- _About this task_
Please find all lines containing "mathcomp" in the listing below and copy them.

- _Provided material_
(* $\mathrm{Aut}_0(H)$ is a normal subgroup of $\mathrm{Aut}_c(H)$, and $\mathrm{Aut}_c(H)$ is the internal semidirect product of $\mathrm{Aut}_0(H)$ and $\Theta=\{\theta_r:r\in\mathbb{Z}\}$, where $\theta_r:H\to H$ is the linear map $\theta_r(x^ny^m)=x^{n+r}y^m$.
   Context: Let $k$ be a field and $0\neq q\in k$ not a root of unity. $H=k_q[x,x^{-1},y]$ is the $k$-algebra generated by $x,x^{-1},y$ with $xx^{-1}=x^{-1}x=1$, $yx=qxy$, a Hopf algebra with $\Delta(x)=x\otimes x$, $\Delta(x^{-1})=x^{-1}\otimes x^{-1}$, $\Delta(y)=y\otimes x+1\otimes y$, $\varepsilon(x)=1$, $\varepsilon(y)=0$; $\{x^ny^m:n\in\mathbb{Z},m\in\mathbb{N}\}$ is a $k$-basis. $\mathrm{Aut}_c(H)$ is the group under composition of coalgebra automorphisms of $H$ and $\mathrm{Aut}_0(H)=\{\phi\in\mathrm{Aut}_c(H):\phi(1)=1\}$. (Each $\theta_r$ is a coalgebra automorphism of $H$.) *)

From HB Require Import structures.
From mathcomp Require Import all_boot all_order all_algebra.
From mathcomp Require Import boolp classical_sets cardinality fsbigop.

Set Implicit Arguments.
Unset Strict Implicit.
Unset Printing Implicit Defensive.
Import Order.TTheory GRing.Theory Num.Theory.
Local Open Scope classical_set_scope.
Local Open Scope ring_scope.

- _Task answer_
From mathcomp Require Import all_boot all_order all_algebra.
From mathcomp Require Import boolp classical_sets cardinality fsbigop.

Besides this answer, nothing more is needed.